TRY IT: Once the line with "Hypothesis a_subadditive : forall" is found in the entries below, print it and each following line exactly, stopping after the line with "- exists (- M)."; print nothing else.

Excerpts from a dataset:
□ □ □ □

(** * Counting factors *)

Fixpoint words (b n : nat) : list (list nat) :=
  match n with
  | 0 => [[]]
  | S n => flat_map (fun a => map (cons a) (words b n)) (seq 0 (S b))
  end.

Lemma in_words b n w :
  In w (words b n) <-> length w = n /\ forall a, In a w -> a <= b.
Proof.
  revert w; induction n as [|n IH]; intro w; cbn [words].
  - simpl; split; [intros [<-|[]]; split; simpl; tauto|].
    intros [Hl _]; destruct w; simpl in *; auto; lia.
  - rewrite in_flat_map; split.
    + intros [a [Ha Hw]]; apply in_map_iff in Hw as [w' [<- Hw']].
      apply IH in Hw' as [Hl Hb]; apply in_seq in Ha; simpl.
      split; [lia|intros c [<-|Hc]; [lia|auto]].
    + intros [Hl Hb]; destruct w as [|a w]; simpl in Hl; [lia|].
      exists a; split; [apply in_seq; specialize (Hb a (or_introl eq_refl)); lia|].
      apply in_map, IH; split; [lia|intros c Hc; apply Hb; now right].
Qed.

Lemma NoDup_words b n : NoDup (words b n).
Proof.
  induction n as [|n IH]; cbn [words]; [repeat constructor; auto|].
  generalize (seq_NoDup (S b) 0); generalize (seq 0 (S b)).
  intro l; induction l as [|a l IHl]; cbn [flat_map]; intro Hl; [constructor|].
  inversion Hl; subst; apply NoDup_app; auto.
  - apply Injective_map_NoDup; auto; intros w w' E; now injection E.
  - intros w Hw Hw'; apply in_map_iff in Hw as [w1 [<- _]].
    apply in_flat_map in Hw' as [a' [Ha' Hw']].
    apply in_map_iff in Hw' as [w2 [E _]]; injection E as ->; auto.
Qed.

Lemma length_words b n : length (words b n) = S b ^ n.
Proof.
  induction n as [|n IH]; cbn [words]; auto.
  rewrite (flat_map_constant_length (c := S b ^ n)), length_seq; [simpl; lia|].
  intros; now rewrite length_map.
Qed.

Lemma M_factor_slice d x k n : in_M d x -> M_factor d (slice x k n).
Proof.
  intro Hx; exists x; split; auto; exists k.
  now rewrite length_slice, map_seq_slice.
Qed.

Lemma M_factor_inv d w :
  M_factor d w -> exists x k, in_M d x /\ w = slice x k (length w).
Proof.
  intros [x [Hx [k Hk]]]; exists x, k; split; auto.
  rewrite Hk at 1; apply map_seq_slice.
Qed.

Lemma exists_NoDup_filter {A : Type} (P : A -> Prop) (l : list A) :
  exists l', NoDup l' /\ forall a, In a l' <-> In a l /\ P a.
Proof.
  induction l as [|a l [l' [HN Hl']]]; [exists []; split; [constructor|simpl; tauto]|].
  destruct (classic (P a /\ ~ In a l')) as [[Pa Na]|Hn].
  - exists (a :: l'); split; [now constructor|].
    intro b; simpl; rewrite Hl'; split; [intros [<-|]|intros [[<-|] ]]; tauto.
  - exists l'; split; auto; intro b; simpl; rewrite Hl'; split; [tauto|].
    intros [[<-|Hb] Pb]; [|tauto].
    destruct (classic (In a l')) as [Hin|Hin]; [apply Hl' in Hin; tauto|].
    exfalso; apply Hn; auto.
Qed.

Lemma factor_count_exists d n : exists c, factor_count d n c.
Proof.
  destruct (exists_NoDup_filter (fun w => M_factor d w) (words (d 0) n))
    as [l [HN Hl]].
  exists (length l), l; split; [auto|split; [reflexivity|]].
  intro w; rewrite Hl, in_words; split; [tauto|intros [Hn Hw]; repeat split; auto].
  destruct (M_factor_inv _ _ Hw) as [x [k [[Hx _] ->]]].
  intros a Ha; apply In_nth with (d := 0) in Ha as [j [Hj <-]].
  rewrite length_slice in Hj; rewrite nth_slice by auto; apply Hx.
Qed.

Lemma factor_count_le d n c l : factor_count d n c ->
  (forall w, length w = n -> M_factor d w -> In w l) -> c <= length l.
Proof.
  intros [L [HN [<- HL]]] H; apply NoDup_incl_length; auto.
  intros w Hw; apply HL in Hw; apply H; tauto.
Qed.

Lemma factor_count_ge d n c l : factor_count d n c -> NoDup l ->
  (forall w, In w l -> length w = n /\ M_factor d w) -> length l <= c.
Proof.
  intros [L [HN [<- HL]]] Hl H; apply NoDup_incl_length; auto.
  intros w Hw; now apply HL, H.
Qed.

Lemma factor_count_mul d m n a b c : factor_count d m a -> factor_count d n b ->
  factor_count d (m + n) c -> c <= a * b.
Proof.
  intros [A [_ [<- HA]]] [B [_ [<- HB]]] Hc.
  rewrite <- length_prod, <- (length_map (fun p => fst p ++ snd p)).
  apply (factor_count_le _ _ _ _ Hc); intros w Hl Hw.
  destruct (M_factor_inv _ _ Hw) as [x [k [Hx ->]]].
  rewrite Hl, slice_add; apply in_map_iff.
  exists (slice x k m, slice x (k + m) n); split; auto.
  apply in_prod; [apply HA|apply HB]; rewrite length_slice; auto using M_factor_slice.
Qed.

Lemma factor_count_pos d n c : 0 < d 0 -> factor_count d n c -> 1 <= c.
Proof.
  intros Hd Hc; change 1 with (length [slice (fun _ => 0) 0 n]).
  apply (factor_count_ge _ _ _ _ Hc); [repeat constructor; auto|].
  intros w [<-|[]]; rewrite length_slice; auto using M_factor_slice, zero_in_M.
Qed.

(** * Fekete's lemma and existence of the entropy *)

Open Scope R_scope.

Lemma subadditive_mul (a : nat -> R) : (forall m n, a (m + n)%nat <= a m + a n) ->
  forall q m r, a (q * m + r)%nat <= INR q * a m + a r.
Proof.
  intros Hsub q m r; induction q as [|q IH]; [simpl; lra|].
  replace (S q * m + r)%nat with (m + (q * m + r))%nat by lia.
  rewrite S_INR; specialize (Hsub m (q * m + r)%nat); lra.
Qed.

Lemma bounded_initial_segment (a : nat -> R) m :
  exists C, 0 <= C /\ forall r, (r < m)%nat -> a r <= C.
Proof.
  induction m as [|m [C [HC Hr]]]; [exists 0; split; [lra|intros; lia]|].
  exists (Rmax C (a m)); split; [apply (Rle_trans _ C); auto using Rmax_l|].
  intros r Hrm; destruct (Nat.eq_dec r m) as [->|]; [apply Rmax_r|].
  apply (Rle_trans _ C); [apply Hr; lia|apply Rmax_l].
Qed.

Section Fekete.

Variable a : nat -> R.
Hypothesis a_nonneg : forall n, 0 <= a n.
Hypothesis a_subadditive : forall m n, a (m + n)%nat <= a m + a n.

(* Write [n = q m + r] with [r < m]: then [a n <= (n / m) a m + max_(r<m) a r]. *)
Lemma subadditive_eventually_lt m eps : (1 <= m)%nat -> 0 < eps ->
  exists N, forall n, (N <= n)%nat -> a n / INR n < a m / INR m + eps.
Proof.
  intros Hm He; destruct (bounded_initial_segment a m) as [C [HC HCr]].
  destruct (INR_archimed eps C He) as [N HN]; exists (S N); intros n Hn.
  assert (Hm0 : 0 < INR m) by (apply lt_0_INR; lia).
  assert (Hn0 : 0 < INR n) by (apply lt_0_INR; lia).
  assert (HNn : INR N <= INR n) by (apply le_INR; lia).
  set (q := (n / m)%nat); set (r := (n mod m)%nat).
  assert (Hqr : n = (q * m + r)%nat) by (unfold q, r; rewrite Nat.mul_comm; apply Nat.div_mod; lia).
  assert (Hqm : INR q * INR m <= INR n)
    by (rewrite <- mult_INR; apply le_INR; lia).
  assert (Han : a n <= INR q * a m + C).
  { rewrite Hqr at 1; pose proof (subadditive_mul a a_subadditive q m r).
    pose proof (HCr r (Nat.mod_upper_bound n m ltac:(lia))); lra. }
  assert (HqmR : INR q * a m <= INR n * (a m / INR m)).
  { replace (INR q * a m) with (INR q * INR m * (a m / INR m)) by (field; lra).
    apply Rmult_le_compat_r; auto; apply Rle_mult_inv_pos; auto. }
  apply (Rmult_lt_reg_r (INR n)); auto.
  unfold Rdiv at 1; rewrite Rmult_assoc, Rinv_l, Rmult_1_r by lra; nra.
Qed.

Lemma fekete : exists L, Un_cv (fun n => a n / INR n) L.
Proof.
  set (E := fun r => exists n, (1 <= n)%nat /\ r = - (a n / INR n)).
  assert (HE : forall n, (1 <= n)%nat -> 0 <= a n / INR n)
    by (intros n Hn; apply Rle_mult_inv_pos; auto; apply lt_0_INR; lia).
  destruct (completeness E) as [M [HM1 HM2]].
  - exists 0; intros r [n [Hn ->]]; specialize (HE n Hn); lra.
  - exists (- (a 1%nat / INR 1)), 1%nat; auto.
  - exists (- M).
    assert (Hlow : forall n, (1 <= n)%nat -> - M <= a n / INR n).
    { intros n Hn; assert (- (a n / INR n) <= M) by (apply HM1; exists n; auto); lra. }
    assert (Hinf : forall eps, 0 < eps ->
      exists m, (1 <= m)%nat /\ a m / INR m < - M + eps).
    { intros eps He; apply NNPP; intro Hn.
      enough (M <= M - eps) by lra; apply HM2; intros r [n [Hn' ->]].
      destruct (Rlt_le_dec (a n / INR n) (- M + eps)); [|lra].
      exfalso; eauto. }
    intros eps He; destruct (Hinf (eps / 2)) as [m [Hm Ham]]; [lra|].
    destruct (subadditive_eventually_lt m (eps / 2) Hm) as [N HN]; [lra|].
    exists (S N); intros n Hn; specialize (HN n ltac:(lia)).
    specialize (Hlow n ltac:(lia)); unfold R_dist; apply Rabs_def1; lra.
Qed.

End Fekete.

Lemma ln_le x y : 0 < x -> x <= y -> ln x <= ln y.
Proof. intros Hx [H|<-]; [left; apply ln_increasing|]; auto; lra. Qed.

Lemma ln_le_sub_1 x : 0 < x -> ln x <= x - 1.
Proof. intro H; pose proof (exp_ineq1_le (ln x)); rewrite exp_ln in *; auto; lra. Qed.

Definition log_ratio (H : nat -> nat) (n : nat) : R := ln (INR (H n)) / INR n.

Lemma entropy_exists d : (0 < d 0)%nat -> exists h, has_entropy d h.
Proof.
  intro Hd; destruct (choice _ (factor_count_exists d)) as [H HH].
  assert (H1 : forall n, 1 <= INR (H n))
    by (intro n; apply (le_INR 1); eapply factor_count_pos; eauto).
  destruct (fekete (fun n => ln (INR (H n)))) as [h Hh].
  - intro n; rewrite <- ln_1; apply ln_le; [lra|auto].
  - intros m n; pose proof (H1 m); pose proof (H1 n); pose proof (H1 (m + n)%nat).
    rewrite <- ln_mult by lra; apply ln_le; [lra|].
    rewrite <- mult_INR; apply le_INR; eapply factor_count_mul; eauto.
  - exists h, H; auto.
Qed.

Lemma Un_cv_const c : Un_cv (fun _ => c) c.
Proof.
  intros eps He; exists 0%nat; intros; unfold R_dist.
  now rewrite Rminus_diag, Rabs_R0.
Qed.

□ □ □ □

ANSWER AREA:
Hypothesis a_subadditive : forall m n, a (m + n)%nat <= a m + a n.

(* Write [n = q m + r] with [r < m]: then [a n <= (n / m) a m + max_(r<m) a r]. *)
Lemma subadditive_eventually_lt m eps : (1 <= m)%nat -> 0 < eps ->
  exists N, forall n, (N <= n)%nat -> a n / INR n < a m / INR m + eps.
Proof.
  intros Hm He; destruct (bounded_initial_segment a m) as [C [HC HCr]].
  destruct (INR_archimed eps C He) as [N HN]; exists (S N); intros n Hn.
  assert (Hm0 : 0 < INR m) by (apply lt_0_INR; lia).
  assert (Hn0 : 0 < INR n) by (apply lt_0_INR; lia).
  assert (HNn : INR N <= INR n) by (apply le_INR; lia).
  set (q := (n / m)%nat); set (r := (n mod m)%nat).
  assert (Hqr : n = (q * m + r)%nat) by (unfold q, r; rewrite Nat.mul_comm; apply Nat.div_mod; lia).
  assert (Hqm : INR q * INR m <= INR n)
    by (rewrite <- mult_INR; apply le_INR; lia).
  assert (Han : a n <= INR q * a m + C).
  { rewrite Hqr at 1; pose proof (subadditive_mul a a_subadditive q m r).
    pose proof (HCr r (Nat.mod_upper_bound n m ltac:(lia))); lra. }
  assert (HqmR : INR q * a m <= INR n * (a m / INR m)).
  { replace (INR q * a m) with (INR q * INR m * (a m / INR m)) by (field; lra).
    apply Rmult_le_compat_r; auto; apply Rle_mult_inv_pos; auto. }
  apply (Rmult_lt_reg_r (INR n)); auto.
  unfold Rdiv at 1; rewrite Rmult_assoc, Rinv_l, Rmult_1_r by lra; nra.
Qed.

Lemma fekete : exists L, Un_cv (fun n => a n / INR n) L.
Proof.
  set (E := fun r => exists n, (1 <= n)%nat /\ r = - (a n / INR n)).
  assert (HE : forall n, (1 <= n)%nat -> 0 <= a n / INR n)
    by (intros n Hn; apply Rle_mult_inv_pos; auto; apply lt_0_INR; lia).
  destruct (completeness E) as [M [HM1 HM2]].
  - exists 0; intros r [n [Hn ->]]; specialize (HE n Hn); lra.
  - exists (- (a 1%nat / INR 1)), 1%nat; auto.
  - exists (- M).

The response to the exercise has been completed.